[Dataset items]
--------------------------------------------------

From HB Require Import structures.
From mathcomp Require Import all_boot all_order all_algebra.
From mathcomp Require Import all_classical all_reals all_analysis.
From mathcomp Require Import Rstruct Rstruct_topology finmap.
From mathcomp Require Import ring lra zify.
Import Order.TTheory GRing.Theory Num.Theory.
Set Implicit Arguments. Unset Strict Implicit. Unset Printing Implicit Defensive.
Local Open Scope classical_set_scope.
Local Open Scope ring_scope.

(* Take F0 = {1 x 1, 1/3 x 4, 1/6 x 6}.

   A non-lattice set of density 1 pierces F0: on each horizontal line y = k
   put the points of Z + s(k)/6, where s runs periodically through
   0, 2, 4, 1, 5, 3. Any 6 consecutive rows use all six shifts, any 4
   consecutive rows contain two shifts at distance 1/6 (mod 1), and each row
   alone meets every unit interval.

   A piercing lattice of determinant D > 99/100 does not exist. A tall
   1/6 x 6 box yields a lattice vector v with |v.1| <= 1/12 and
   0 < v.2 <= 6.01, and a second one yields w with det(w, v) = D, so that
   (w, v) is a basis. The lattice points then lie on the lines
   det(p, v) = i D, and on line i they form the progression i w + Z v.
   Placing boxes of F0 at suitable positions between these lines forces
   first v.2 > 5.8, then pins the vertical offset t of line 1 to
   [v.2 - 4.01, 4.01], and finally the six residues i t mod v.2
   (0 <= i <= 5) leave a vertical gap of length > 1: a unit square centred
   on line 5/2 and placed in that gap contains no lattice point. Hence
   pi_L(F0) >= 100/99 > 1.01 >= pi(F0). *)

Definition lcomb (i j : int) (u v : R * R) : R * R :=
  (i%:~R * u.1 + j%:~R * v.1, i%:~R * u.2 + j%:~R * v.2).

Lemma det2_lcomb i1 j1 i2 j2 u v :
  det2 (lcomb i1 j1 u v) (lcomb i2 j2 u v) = (i1 * j2 - j1 * i2)%:~R * det2 u v.
Proof. by rewrite /det2 /= rmorphB /= !rmorphM /=; ring. Qed.

Lemma det2_lcombl i j w v : det2 (lcomb i j w v) v = i%:~R * det2 w v.
Proof. by rewrite /det2 /=; ring. Qed.

Lemma det2_lattice u v p q : lattice u v p -> lattice u v q ->
  exists k : int, det2 p q = k%:~R * `|det2 u v|.
Proof.
move=> [i1 [j1 ->]] [i2 [j2 ->]]; rewrite det2_lcomb.
have [d_ge0 | d_lt0] := leP 0 (det2 u v).
  by exists (i1 * j2 - j1 * i2); rewrite ger0_norm.
by exists (- (i1 * j2 - j1 * i2)); rewrite ltr0_norm // rmorphN mulrNN.
Qed.

(* Cramer's rule: det2 w v * p = det2 p v * w + det2 w p * v. *)
Lemma sub_lattice_basis u v0 w v : det2 w v = `|det2 u v0| -> det2 u v0 != 0 ->
  lattice u v0 w -> lattice u v0 v -> lattice u v0 `<=` lattice w v.
Proof.
move=> wvE d_neq0 Lw Lv p Lp.
have [i ipE] := det2_lattice Lp Lv; have [j wpE] := det2_lattice Lw Lp.
have D_neq0 : det2 w v != 0 by rewrite wvE normr_eq0.
exists i, j; rewrite -wvE in ipE wpE; move: ipE wpE D_neq0.
case: p {Lp} => p1 p2; rewrite /det2 /= => ipE wpE D_neq0.
congr (_, _); apply: (mulfI D_neq0).
- transitivity ((p1 * v.2 - p2 * v.1) * w.1 + (w.1 * p2 - w.2 * p1) * v.1); first by ring.
  by rewrite ipE wpE; ring.
- transitivity ((p1 * v.2 - p2 * v.1) * w.2 + (w.1 * p2 - w.2 * p1) * v.2); first by ring.
  by rewrite ipE wpE; ring.
Qed.

Lemma det2_translate_center a b c v p (s : R) : 0 <= v.2 -> `|v.1| <= s ->
  translate (a, b) (c.1 - a / 2) (c.2 - b / 2) p ->
  `|det2 p v - det2 c v| <= a / 2 * v.2 + b / 2 * s.
Proof.
move=> v2_ge0 v1_le [/= /andP[px1 px2] /andP[py1 py2]].
have -> : det2 p v - det2 c v = (p.1 - c.1) * v.2 - (p.2 - c.2) * v.1.
  by rewrite /det2; ring.
apply: (le_trans (ler_normB _ _)); rewrite !normrM (ger0_norm v2_ge0).
apply: lerD; first by apply: ler_wpM2r => //; rewrite ler_norml; apply/andP; split; lra.
by apply: ler_pM => //; rewrite ler_norml; apply/andP; split; lra.
Qed.

Lemma det2_center_on_level C y v : v.2 != 0 -> det2 ((C + y * v.1) / v.2, y) v = C.
Proof. by move=> v2_neq0; rewrite /det2 /=; field. Qed.

Lemma ltr_int_pM2r (D : R) (m n : int) : 0 < D ->
  (m%:~R * D < n%:~R * D) = (m < n)%R.
Proof. by move=> D_gt0; rewrite ltr_pM2r // ltr_int. Qed.

Lemma int_between_of_approx (D C d : R) (i lo hi : int) : 0 < D ->
  `|i%:~R * D - C| <= d -> lo%:~R * D < C - d -> C + d < hi%:~R * D ->
  (lo < i < hi)%R.
Proof.
move=> D_gt0 /[!ler_norml] /andP[iD_ge iD_le] lo_lt hi_gt.
by rewrite -!(ltr_int_pM2r _ _ D_gt0); apply/andP; split; lra.
Qed.

Lemma sub_piercing F P Q : P `<=` Q -> piercing F P -> piercing F Q.
Proof.
move=> PQ pierceP rect Frect x y.
by have [p [Pp rp]] := pierceP rect Frect x y; exists p; split=> //; apply: PQ.
Qed.

Definition mirror (P : set (R * R)) : set (R * R) := [set p | P (p.1, - p.2)].

Lemma piercing_mirror F P : piercing F P -> piercing F (mirror P).
Proof.
move=> pierceP [a b] Frect x y.
have [[p1 p2] [Pp [/= px py]]] := pierceP _ Frect x (- y - b).
exists (p1, - p2); rewrite /mirror /= opprK; split=> //; split=> //=; lra.
Qed.

Lemma mirror_lattice w v :
  mirror (lattice w v) `<=` lattice (w.1, - w.2) (- v.1, v.2).
Proof.
move=> [p1 p2] [i [j /= [-> /eqP]]]; rewrite eqr_oppLR => /eqP ->.
by exists i, (- j); rewrite /= rmorphN; congr (_, _); ring.
Qed.

Definition F0 : seq (R * R) := [:: (1, 1); (1/3, 4); (1/6, 6)].

Fact F0_square : (1, 1) \in F0. Proof. by rewrite !inE eqxx. Qed.
Fact F0_medium : (1/3, 4) \in F0. Proof. by rewrite !inE eqxx orbT. Qed.
Fact F0_tall : (1/6, 6) \in F0. Proof. by rewrite !inE eqxx !orbT. Qed.

(** * Piercing lattices of F0 have determinant at most 99/100 *)

Definition thin_basis (w v : R * R) : Prop :=
  [/\ piercing F0 (lattice w v), 99/100 < det2 w v,
      -(1/12) <= v.1 <= 1/12 & 0 < v.2 <= 6 + 1/100].

Lemma lattice_point_in_box w v a b c (lo hi : int) : thin_basis w v -> (a, b) \in F0 ->
  lo%:~R * det2 w v < det2 c v - (a / 2 * v.2 + b / 24) ->
  det2 c v + (a / 2 * v.2 + b / 24) < hi%:~R * det2 w v ->
  exists i j : int, (lo < i < hi)%R /\
    translate (a, b) (c.1 - a / 2) (c.2 - b / 2) (lcomb i j w v).
Proof.
case=> pierce D_gt v1_range /andP[v2_gt0 _] Fab lo_lt hi_gt.
have [_ [[i [j ->]] box]] := pierce _ Fab (c.1 - a / 2) (c.2 - b / 2).
exists i, j; split; last exact: box.
apply: (int_between_of_approx _ _ lo_lt hi_gt); first exact: lt_trans D_gt.
have v1_small : `|v.1| <= 1/12 by rewrite ler_norml.
rewrite -(det2_lcombl i j).
by apply: (le_trans (det2_translate_center (ltW v2_gt0) v1_small box)); lra.
Qed.

Lemma lattice_point_on_level w v a b C y (lo hi : int) : thin_basis w v -> (a, b) \in F0 ->
  lo%:~R * det2 w v < C - (a / 2 * v.2 + b / 24) ->
  C + (a / 2 * v.2 + b / 24) < hi%:~R * det2 w v ->
  exists i j : int, (lo < i < hi)%R /\ y <= i%:~R * w.2 + j%:~R * v.2 <= y + b.
Proof.
move=> wv Fab; have v2_neq0 : v.2 != 0 by case: wv => _ _ _ /andP[v2_gt0 _]; rewrite gt_eqF.
rewrite -(det2_center_on_level C (y + b / 2) v2_neq0) => lo_lt hi_gt.
have [i [j [i_range [_ /= yb]]]] := lattice_point_in_box wv Fab lo_lt hi_gt.
by exists i, j; split=> //; move: yb; lra.
Qed.

(* The tall box just left of w + v and above w meets line 0 or line 1.
   On line 1 its point would be w + j v with j >= 1, to the right of the box;
   on line 0 it is j v, and fitting j v into the box needs v.2 > 29/5. *)
Lemma large_v2_of_nonneg w v : thin_basis w v -> 0 <= v.1 -> 29/5 < v.2.
Proof.
move=> wv v1_ge0; have [_ D_gt /andP[_ v1_le] /andP[v2_gt0 v2_le]] := wv.
pose c := (w.1 + v.1 - 1/12 - 1/1000, w.2 + 3 + 1/100).
have cE : det2 c v = det2 w v + v.1 * v.2 - v.2 / 12 - v.2 / 1000 - (3 + 1/100) * v.1.
  by rewrite /det2 /=; ring.
have sV_ge0 : 0 <= v.1 * v.2 by rewrite mulr_ge0 // ltW.
have sV_le : v.1 * v.2 <= 1/12 * v.2 by rewrite ler_pM2r.
have lo_lt : (-1)%:~R * det2 w v < det2 c v - (1/6 / 2 * v.2 + 6 / 24) by rewrite cE; lra.
have hi_gt : det2 c v + (1/6 / 2 * v.2 + 6 / 24) < 2%:~R * det2 w v by rewrite cE; lra.
have [i [j [/andP[i_gt i_lt] box]]] := lattice_point_in_box wv F0_tall lo_lt hi_gt.
move: box; have [-> | ->] : i = 0 \/ i = 1 by clear -i_gt i_lt; lia.
- rewrite /lcomb mulr0z !mul0r !add0r => -[/= /andP[px1 _] /andP[_ py2]].
  have px1V := ler_wpM2r (ltW v2_gt0) px1.
  have py2v1 := ler_wpM2r v1_ge0 py2.
  have v1_slack : (6 + 1/100 - v.2) * v.1 <= (6 + 1/100 - v.2) * (1/12).
    by rewrite ler_wpM2l //; lra.
  by move: D_gt; rewrite /det2 => D_gt; lra.
- rewrite /lcomb mulr1z !mul1r => -[/= /andP[_ px2] /andP[py1 _]].
  have j_gt0 : (0 < j)%R by rewrite -(ltr_int_pM2r _ _ v2_gt0); lra.
  have : 1%:~R * v.1 <= j%:~R * v.1 by rewrite ler_wpM2r // ler_int.
  lra.
Qed.
(* Let $A\in\mathbb{R}^{n\times d}$ have rows $\boldsymbol{a}_i^\top$ with $\max_i\|\boldsymbol{a}_i\|_2^2\le R$, $\lambda>0$; let each $f_i:\mathbb{R}\to\mathbb{R}$ be convex and $\beta$-smooth, $\alpha$-strongly convex over some convex set and linear outside it, with $\alpha\ge\beta/2$; let $g$ be $\mu$-strongly convex and $L$-smooth. Let $(\boldsymbol{x}^{(t)},\boldsymbol{y}^{(t)})$ be the iterates of Algorithm 1 (described in the context) with dual step size $\delta>0$ and $k$ dual coordinates updated per iteration. Then for every $t\ge1$, $$\Delta_d^{(t)}-\Delta_d^{(t-1)}+\Delta_p^{(t)}-\Delta_p^{(t-1)}\le\mathcal{L}(\boldsymbol{x}^{(t+1)},\boldsymbol{y}^{(t)})-\mathcal{L}(\boldsymbol{x}^{(t)},\boldsymbol{y}^{(t)})-\frac{1}{2\delta}\|\boldsymbol{y}^{(t)}-\boldsymbol{y}^{(t-1)}\|^2+\frac{2\delta Rk}{n^2}\|\bar{\boldsymbol{x}}^{(t)}-\boldsymbol{x}^{(t)}\|^2.$$
   Context: $\mathcal{L}(\boldsymbol{x},\boldsymbol{y})=g(\boldsymbol{x})+\frac1n\langle\boldsymbol{y},A\boldsymbol{x}\rangle-\frac1n\sum_if_i^*(y_i)$ ($f_i^*$ convex conjugate); $D(\boldsymbol{y})=\min_{\|\boldsymbol{x}\|_1\le\lambda}\mathcal{L}(\boldsymbol{x},\boldsymbol{y})$, $D^*=\max D$; $\bar{\boldsymbol{x}}^{(t)}=\arg\min_{\|\boldsymbol{x}\|_1\le\lambda}\mathcal{L}(\boldsymbol{x},\boldsymbol{y}^{(t)})$; $\Delta_p^{(t)}=\mathcal{L}(\boldsymbol{x}^{(t+1)},\boldsymbol{y}^{(t)})-\mathcal{L}(\bar{\boldsymbol{x}}^{(t)},\boldsymbol{y}^{(t)})$; $\Delta_d^{(t)}=D^*-D(\boldsymbol{y}^{(t)})$. Algorithm 1 (parameters: integer $s$, $\eta\in(0,1]$, $\delta>0$, integer $k$): $\boldsymbol{x}^{(0)}=0$, $\boldsymbol{y}^{(0)}=0$; for $t=1,2,\dots$: $\tilde{\boldsymbol{x}}\in\arg\min_{\|\boldsymbol{x}\|_1\le\lambda,\|\boldsymbol{x}\|_0\le s}\{\langle\frac1nA^\top\boldsymbol{y}^{(t-1)}+\nabla g(\boldsymbol{x}^{(t-1)}),\boldsymbol{x}\rangle+\frac L2\eta\|\boldsymbol{x}-\boldsymbol{x}^{(t-1)}\|^2\}$, $\boldsymbol{x}^{(t)}=(1-\eta)\boldsymbol{x}^{(t-1)}+\eta\tilde{\boldsymbol{x}}$; $\tilde{\boldsymbol{y}}=\arg\max_{\boldsymbol{y}'}\{\frac1n\langle A\boldsymbol{x}^{(t)},\boldsymbol{y}'\rangle-\frac1n\sum_if_i^*(y_i')-\frac1{2\delta}\|\boldsymbol{y}'-\boldsymbol{y}^{(t-1)}\|^2\}$; $I^{(t)}$ = the $k$ indices $i\in[n]$ with largest $|\tilde y_i-y_i^{(t-1)}|$; $y_i^{(t)}=\tilde y_i$ for $i\in I^{(t)}$, $y_i^{(t)}=y_i^{(t-1)}$ otherwise. *)

From HB Require Import structures.
From mathcomp Require Import all_boot all_order all_algebra.
From mathcomp Require Import all_classical all_reals all_analysis.
Set Implicit Arguments. Unset Strict Implicit. Unset Printing Implicit Defensive.
Import Order.TTheory GRing.Theory Num.Theory.
Local Open Scope classical_set_scope.
Local Open Scope ring_scope.

Section Defs.
Variable R : realType.

Definition dotv {m : nat} (u v : 'cV[R]_m) : R := \sum_(i < m) u i 0 * v i 0.
Definition sqnorm {m : nat} (u : 'cV[R]_m) : R := dotv u u.
Definition norm2 {m : nat} (u : 'cV[R]_m) : R := Num.sqrt (sqnorm u).
Definition norm1 {m : nat} (u : 'cV[R]_m) : R := \sum_(i < m) `|u i 0|.
Definition norm0 {m : nat} (u : 'cV[R]_m) : nat := #|[set i | u i 0 != 0]|.

Definition convex_setR (C : set R) : Prop :=
  forall x y th, C x -> C y -> 0 <= th <= 1 -> C (th * x + (1 - th) * y).

Definition convexR (f : R -> R) : Prop :=
  forall x y th, 0 <= th <= 1 ->
    f (th * x + (1 - th) * y) <= th * f x + (1 - th) * f y.

Definition smoothR (beta : R) (f : R -> R) : Prop :=
  (forall x, derivable f x 1) /\
  (forall x y, `|derive1 f x - derive1 f y| <= beta * `|x - y|).

Definition strongly_convex_onR (alpha : R) (C : set R) (f : R -> R) : Prop :=
  forall x y th, C x -> C y -> 0 <= th <= 1 ->
    f (th * x + (1 - th) * y)
      <= th * f x + (1 - th) * f y - alpha / 2 * th * (1 - th) * (x - y) ^+ 2.

Definition linear_outsideR (C : set R) (f : R -> R) : Prop :=
  forall x y th, (forall z, Num.min x y <= z <= Num.max x y -> ~ C z) ->
    0 <= th <= 1 -> f (th * x + (1 - th) * y) = th * f x + (1 - th) * f y.

Definition is_gradient {m : nat} (g : 'cV[R]_m -> R) (G : 'cV[R]_m -> 'cV[R]_m) : Prop :=
  forall x (eps : R), 0 < eps -> exists2 del : R, 0 < del & forall h : 'cV[R]_m,
    norm2 h < del -> `|g (x + h) - g x - dotv (G x) h| <= eps * norm2 h.

Definition strongly_convexV {m : nat} (mu : R) (g : 'cV[R]_m -> R) : Prop :=
  forall x y th, 0 <= th <= 1 ->
    g (th *: x + (1 - th) *: y)
      <= th * g x + (1 - th) * g y - mu / 2 * th * (1 - th) * sqnorm (x - y).

Definition smoothV {m : nat} (L : R) (g : 'cV[R]_m -> R) (G : 'cV[R]_m -> 'cV[R]_m) : Prop :=
  is_gradient g G /\ forall x y, norm2 (G x - G y) <= L * norm2 (x - y).

Definition conj_fun (f : R -> R) (y : R) : \bar R :=
  ereal_sup [set ((y * x - f x)%:E) | x in [set: R]].

Definition Lag {n d : nat} (g : 'cV[R]_d -> R) (f : 'I_n -> R -> R)
    (A : 'M[R]_(n, d)) (x : 'cV[R]_d) (y : 'cV[R]_n) : \bar R :=
  ((g x + n%:R^-1 * dotv y (A *m x))%:E
    - (n%:R^-1)%:E * \sum_(i < n) conj_fun (f i) (y i ord0))%E.

Definition Dual {n d : nat} (g : 'cV[R]_d -> R) (f : 'I_n -> R -> R)
    (A : 'M[R]_(n, d)) (lam : R) (y : 'cV[R]_n) : \bar R :=
  ereal_inf [set Lag g f A x y | x in [set x : 'cV[R]_d | norm1 x <= lam]].

Definition Dstar {n d : nat} (g : 'cV[R]_d -> R) (f : 'I_n -> R -> R)
    (A : 'M[R]_(n, d)) (lam : R) : \bar R :=
  ereal_sup (range (Dual g f A lam)).
(* variable indices: w = X_0, z_0 = X_1,
   z_{i,j} = X_{1 + d_1 + ... + d_{i-1} + j}  (i, j 1-based). *)
Definition idx_w (sigma : seq nat) : 'I_(nvars sigma) := inord 0.
Definition idx_z0 (sigma : seq nat) : 'I_(nvars sigma) := inord 1.
Definition idx_z (sigma : seq nat) (i j : nat) : 'I_(nvars sigma) :=
  inord (1 + sumn (take i.-1 sigma) + j).

Definition W (sigma : seq nat) : RF sigma := var (idx_w sigma).
Definition Z0 (sigma : seq nat) : RF sigma := var (idx_z0 sigma).
Definition Z (sigma : seq nat) (i j : nat) : RF sigma :=
  if j == 0%N then Z0 sigma else var (idx_z sigma i j).

(* d_i, 1-based *)
Definition dpart (sigma : seq nat) (i : nat) : nat := nth 0%N sigma i.-1.

Definition f_Gamma (a k : seq nat) (d f : nat) (sigma : seq nat) : RF sigma :=
  let N := size a in
  let m := size k in
  let l := size sigma in
  let w := W sigma in
  let z0 := Z0 sigma in
  let z := Z sigma in
  let e := fun (kp : nat) (x y : RF sigma) => e_fun kp x y in
  let q := fun (x y : RF sigma) => q_fun a x y in
  let cst := fun (r : rat) => toRF (r%:MP : {mpoly rat[nvars sigma]}) in
  cst (Sym sigma)
    / (24%:R * ((\prod_(ai <- a) ai)%:R) ^+ d * z0 ^+ (N * (f - 1)))
  * (\prod_(1 <= i < l.+1) \prod_(1 <= j < (dpart sigma i).+1)
        (z i j ^+ N)^-1)
  * (- ((N%:R - m%:R) / N%:R) / w ^+ N - ((N%:R + m%:R) / N%:R) / z0 ^+ N)
  * ((w - z0) ^+ 2 * q w z0 * (q z0 z0) ^+ (f - 1))^-1
  * (\prod_(kp <- k)
        (((kp%:R * z0) ^+ (l - 1))^-1
         * (e kp w z0 * (e kp z0 z0) ^+ (f - 1))
           / (kp%:R * w * (kp%:R * z0) ^+ f)))
  * (\prod_(1 <= i < l.+1)
        ((\prod_(kp <- k) e kp z0 (z i 1%N))
           / (q z0 (z i 1%N) * (z i 1%N - z0))))
  * (\prod_(1 <= i < l.+1) \prod_(1 <= j < dpart sigma i)
        ((\prod_(kp <- k) e kp (z i j) (z i j.+1))
           / (q (z i j) (z i j.+1) * (2%:R * z i j - z i j.-1 - z i j.+1)
              * \prod_(kp <- k) (kp%:R * z i j)))).

Definition chain_residue (sigma : seq nat) (i : nat) (G : RF sigma) : RF sigma :=
  let di := dpart sigma i in
  let G' := foldl (fun H j =>
                     residue (idx_z sigma i j) 0 H
                     + residue (idx_z sigma i j)
                         ((Z sigma i j.-1 + Z sigma i j.+1) / 2%:R) H)
                  G (iota 1 di.-1) in
  residue (idx_z sigma i di) 0 G'.
Lemma In_nth_exists (T : Type) (x0 x : T) (s : seq T) :
  List.In x s -> exists2 i, i < size s & nth x0 s i = x.
Proof.
elim: s => //= y s IH [<- | /IH [i lt_i <-]]; first by exists 0.
by exists i.+1.
Qed.

Lemma In_map (A B : Type) (f : A -> B) x (s : seq A) :
  List.In x s -> List.In (f x) (map f s).
Proof. exact: List.in_map. Qed.

Section Matching.
Variables (T G : Type) (sat : T -> G -> Prop).

(* [hist_consistent holds h r] unfolds to [matches (psat holds) r h]. *)
Definition matches (r : regex G) (x : seq T) : Prop :=
  exists w, lang r w /\ List.Forall2 sat x w.

Lemma matches_atom_size g x : matches (RAtom g) x -> size x = 1.
Proof. by case=> w [L F]; inversion L; subst; apply: List.Forall2_length F. Qed.

Lemma matches_cat r1 r2 x1 x2 :
  matches r1 x1 -> matches r2 x2 -> matches (RCat r1 r2) (x1 ++ x2).
Proof.
move=> [w1 [L1 F1]] [w2 [L2 F2]]; exists (w1 ++ w2).
by split; [exact: lang_cat | exact: List.Forall2_app].
Qed.

Lemma matches_cat_split r1 r2 x : matches (RCat r1 r2) x ->
  exists x1 x2, [/\ x = x1 ++ x2, matches r1 x1 & matches r2 x2].
Proof.
case=> w [L F]; inversion L; subst.
have [x1 [x2 [F1 [F2 ->]]]] := List.Forall2_app_inv_r _ _ F.
by exists x1, x2; split=> //; [exists w1 | exists w2].
Qed.

Lemma matches_unionP r1 r2 x :
  matches (RUnion r1 r2) x <-> matches r1 x \/ matches r2 x.
Proof.
split=> [[w [L F]] | [[w [L F]] | [w [L F]]]].
- by inversion L; subst; [left | right]; exists w.
- by exists w; split=> //; apply: lang_unionl.
- by exists w; split=> //; apply: lang_unionr.
Qed.

Lemma matches_star_cat r x1 x2 :
  matches r x1 -> matches (RStar r) x2 -> matches (RStar r) (x1 ++ x2).
Proof.
move=> [w1 [L1 F1]] [w2 [L2 F2]]; exists (w1 ++ w2).
by split; [exact: lang_star_app | exact: List.Forall2_app].
Qed.

Lemma matches_star_split r x : matches (RStar r) x -> x = [::] \/
  exists x1 x2, [/\ x1 <> [::], x = x1 ++ x2, matches r x1 & matches (RStar r) x2].
Proof.
case=> w [L F]; remember (RStar r) as rr eqn:E.
elim: L x E F => // [r0 x _ F | r0 w1 w2 L1 _ L2 IH x [E] F]; first by inversion F; left.
subst r0; have [[|y x1] [x2 [F1 [F2 ->]]]] := List.Forall2_app_inv_r _ _ F; first exact: IH.
by right; exists (y :: x1), x2; split=> //; [exists w1 | exists w2].
Qed.

Definition predcat (X Y : seq T -> Prop) (u : seq T) : Prop :=
  exists u1 u2, [/\ u = u1 ++ u2, X u1 & Y u2].

(* One residual per atom occurrence of [r]: the words that may follow a prefix
   of a match of [r] ending at that atom. *)
Fixpoint residuals (r : regex G) : seq (seq T -> Prop) :=
  match r with
  | RAtom _ => [:: fun u => u = [::]]
  | RCat r1 r2 => map (predcat^~ (matches r2)) (residuals r1) ++ residuals r2
  | RUnion r1 r2 => residuals r1 ++ residuals r2
  | RStar r1 => map (predcat^~ (matches (RStar r1))) (residuals r1)
  end.

Definition completes (r : regex G) (X : seq T -> Prop) (h : seq T) : Prop :=
  forall v, X v -> matches r (h ++ v).

Definition covered_by_residual (r : regex G) (h u : seq T) : Prop :=
  exists X, [/\ List.In X (residuals r), X u & completes r X h].

Lemma covered_star r h u :
  (forall h u, h <> [::] -> matches r (h ++ u) -> covered_by_residual r h u) ->
  h <> [::] -> matches (RStar r) (h ++ u) -> covered_by_residual (RStar r) h u.
Proof.
move=> IH; elim: {h}(size h).+1 {-2}h u (ltnSn (size h)) => // n IHn h u lt_h nz_h.
case/matches_star_split=> [/(congr1 size) | [x1 [x2 [nz_x1 E m1 m2]]]].
  by rewrite size_cat; case: h nz_h {lt_h}.
case: (cat_eq_cat E) => [[u1 [Ex1 ->]] | [h2 nz_h2 [Eh Ex2]]]; [subst x1 | subst x2].
  have [X [inX Xu1 resX]] := IH _ _ nz_h m1.
  exists (predcat X (matches (RStar r))); split; first exact: (In_map (predcat^~ _) inX).
    by exists u1, x2.
  by move=> _ [v1 [v2 [-> Xv1 m_v2]]]; rewrite catA; apply: matches_star_cat (resX _ Xv1) m_v2.
have lt_h2 : size h2 < n.
  by move: lt_h; rewrite Eh size_cat; case: x1 nz_x1 {E m1 Eh} => // ? x1 _; rewrite /= ltnS; lia.
have [X [inX Xu resX]] := IHn _ _ lt_h2 nz_h2 m2.
by exists X; split=> // v Xv; rewrite Eh -catA; apply: matches_star_cat m1 (resX _ Xv).
Qed.
(* Decoder dec i outputs an estimate of s[i] and depends only on
   y[0..i+T]; None stands for an erasure (the symbol \star). *)
Definition delay_decoder (F : Type) (k n T : nat)
    (dec : nat -> (nat -> option 'rV[F]_n) -> 'rV[F]_k) : Prop :=
  forall i (y y' : nat -> option 'rV[F]_n),
    (forall j, j <= i + T -> y j = y' j) -> dec i y = dec i y'.

Definition channel_output (F : Type) (k n : nat)
    (enc : nat -> (nat -> 'rV[F]_k) -> 'rV[F]_n) (s : nat -> 'rV[F]_k)
    (e : erasure_pattern) : nat -> option 'rV[F]_n :=
  fun j => if e j then None else Some (enc j s).

Definition streaming_code_exists_C1 (F : Type) (k n B W T : nat) : Prop :=
  exists (enc : nat -> (nat -> 'rV[F]_k) -> 'rV[F]_n)
         (dec : nat -> (nat -> option 'rV[F]_n) -> 'rV[F]_k),
    causal_encoder enc /\ delay_decoder T dec /\
    forall (s : nat -> 'rV[F]_k) (e : erasure_pattern),
      admissible_C1 B W e ->
      forall i, dec i (channel_output enc s e) = s i.

Definition Teff (W T : nat) : nat := minn (W - 1) T.

Definition rate_C1 (B W T : nat) : rat :=
  if B <= Teff W T then ((Teff W T)%:R / (Teff W T + B)%:R)%R else 0%R.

--------------------------------------------------

Assigned task –
Once you reach the line with "(forall h u, h" in the data above, copy it and every line after it exactly, up to and including the line with "-> 'rV[F]_k) : Prop".

Expected answer –
  (forall h u, h <> [::] -> matches r (h ++ u) -> covered_by_residual r h u) ->
  h <> [::] -> matches (RStar r) (h ++ u) -> covered_by_residual (RStar r) h u.
Proof.
move=> IH; elim: {h}(size h).+1 {-2}h u (ltnSn (size h)) => // n IHn h u lt_h nz_h.
case/matches_star_split=> [/(congr1 size) | [x1 [x2 [nz_x1 E m1 m2]]]].
  by rewrite size_cat; case: h nz_h {lt_h}.
case: (cat_eq_cat E) => [[u1 [Ex1 ->]] | [h2 nz_h2 [Eh Ex2]]]; [subst x1 | subst x2].
  have [X [inX Xu1 resX]] := IH _ _ nz_h m1.
  exists (predcat X (matches (RStar r))); split; first exact: (In_map (predcat^~ _) inX).
    by exists u1, x2.
  by move=> _ [v1 [v2 [-> Xv1 m_v2]]]; rewrite catA; apply: matches_star_cat (resX _ Xv1) m_v2.
have lt_h2 : size h2 < n.
  by move: lt_h; rewrite Eh size_cat; case: x1 nz_x1 {E m1 Eh} => // ? x1 _; rewrite /= ltnS; lia.
have [X [inX Xu resX]] := IHn _ _ lt_h2 nz_h2 m2.
by exists X; split=> // v Xv; rewrite Eh -catA; apply: matches_star_cat m1 (resX _ Xv).
Qed.
(* Decoder dec i outputs an estimate of s[i] and depends only on
   y[0..i+T]; None stands for an erasure (the symbol \star). *)
Definition delay_decoder (F : Type) (k n T : nat)
    (dec : nat -> (nat -> option 'rV[F]_n) -> 'rV[F]_k) : Prop :=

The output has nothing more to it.